*What you will do*
Take the listing and give it again exactly, from its first line to its last line.

◇ ◇ ◇ ◇

Definition gen_len00_val d ri rj phi :=
  ln (rho d (phi / 2) * rho d (phi / 2) * exp ri * exp rj).

Lemma gen_len00_valC d ri rj phi : gen_len00_val d ri rj phi = gen_len00_val d rj ri phi.
Proof. unfold gen_len00_val. f_equal. ring. Qed.

Lemma ln_eq_of_exp x y : x = exp y -> ln x = y.
Proof. by move=> ->; apply ln_exp. Qed.

(* Horodisk at w = (2/P)(1,0,1), ideal vertices e^{r_i} P (1,1,0) and e^{r_j} P (1,-1,0),
   with P = Φ/2; the horocycle points are w/2 + (1/(2 e^r)) u. *)
Lemma gen_len00_horo_val ri rj phi : in_I 0 phi ->
  gen_len00 0 ri rj phi (gen_len00_val 0 ri rj phi).
Proof.
unfold gen_len00, gen_len00_val, rho, in_I; simpl => Hphi.
set P := phi / 2. have HP : 0 < P by rewrite /P; lra.
have HiP : 0 < 1 / P by apply Rdiv_lt_0_compat; lra.
have Hi := exp_pos ri. have Hj := exp_pos rj.
exists (mkv (exp ri * P) (exp ri * P) 0), (mkv (exp rj * P) (- (exp rj * P)) 0),
  (mkv (2 / P) 0 (2 / P)).
unfold ideal, not_prop, horo_horo_len, mink, vscal; simpl.
split; [split; [ring|nra]|]. split; [split; [ring|nra]|].
split; [split; [field; lra|apply Rdiv_lt_0_compat; lra]|].
do 3 (split; [by move=> c [] *; nra|]).
split; [by apply ln_eq_of_exp; field; lra|].
split; [by apply ln_eq_of_exp; field; lra|].
split; last by f_equal; field.
exists (mkv (1 / P + P / 2) (P / 2) (1 / P)), (mkv (1 / P + P / 2) (- (P / 2)) (1 / P)).
unfold on_horo_side, H2pt, mink, vsub, vadd, vscal; simpl.
split; [split; [split; [field; lra|lra]|split; [field; lra|]]|].
  by exists (1 / 2), (1 / (2 * exp ri)); f_equal; field; lra.
split; [split; [split; [field; lra|lra]|split; [field; lra|]]|].
  by exists (1 / 2), (1 / (2 * exp rj)); f_equal; field; lra.
match goal with |- _ = 2 * sqrt ?x => replace x with (P * P) by (field; lra) end.
rewrite sqrt_square; [rewrite /P; field|lra].
Qed.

◇ ◇ ◇ ◇

*Answer to this problem*
Definition gen_len00_val d ri rj phi :=
  ln (rho d (phi / 2) * rho d (phi / 2) * exp ri * exp rj).

Lemma gen_len00_valC d ri rj phi : gen_len00_val d ri rj phi = gen_len00_val d rj ri phi.
Proof. unfold gen_len00_val. f_equal. ring. Qed.

Lemma ln_eq_of_exp x y : x = exp y -> ln x = y.
Proof. by move=> ->; apply ln_exp. Qed.

(* Horodisk at w = (2/P)(1,0,1), ideal vertices e^{r_i} P (1,1,0) and e^{r_j} P (1,-1,0),
   with P = Φ/2; the horocycle points are w/2 + (1/(2 e^r)) u. *)
Lemma gen_len00_horo_val ri rj phi : in_I 0 phi ->
  gen_len00 0 ri rj phi (gen_len00_val 0 ri rj phi).
Proof.
unfold gen_len00, gen_len00_val, rho, in_I; simpl => Hphi.
set P := phi / 2. have HP : 0 < P by rewrite /P; lra.
have HiP : 0 < 1 / P by apply Rdiv_lt_0_compat; lra.
have Hi := exp_pos ri. have Hj := exp_pos rj.
exists (mkv (exp ri * P) (exp ri * P) 0), (mkv (exp rj * P) (- (exp rj * P)) 0),
  (mkv (2 / P) 0 (2 / P)).
unfold ideal, not_prop, horo_horo_len, mink, vscal; simpl.
split; [split; [ring|nra]|]. split; [split; [ring|nra]|].
split; [split; [field; lra|apply Rdiv_lt_0_compat; lra]|].
do 3 (split; [by move=> c [] *; nra|]).
split; [by apply ln_eq_of_exp; field; lra|].
split; [by apply ln_eq_of_exp; field; lra|].
split; last by f_equal; field.
exists (mkv (1 / P + P / 2) (P / 2) (1 / P)), (mkv (1 / P + P / 2) (- (P / 2)) (1 / P)).
unfold on_horo_side, H2pt, mink, vsub, vadd, vscal; simpl.
split; [split; [split; [field; lra|lra]|split; [field; lra|]]|].
  by exists (1 / 2), (1 / (2 * exp ri)); f_equal; field; lra.
split; [split; [split; [field; lra|lra]|split; [field; lra|]]|].
  by exists (1 / 2), (1 / (2 * exp rj)); f_equal; field; lra.
match goal with |- _ = 2 * sqrt ?x => replace x with (P * P) by (field; lra) end.
rewrite sqrt_square; [rewrite /P; field|lra].
Qed.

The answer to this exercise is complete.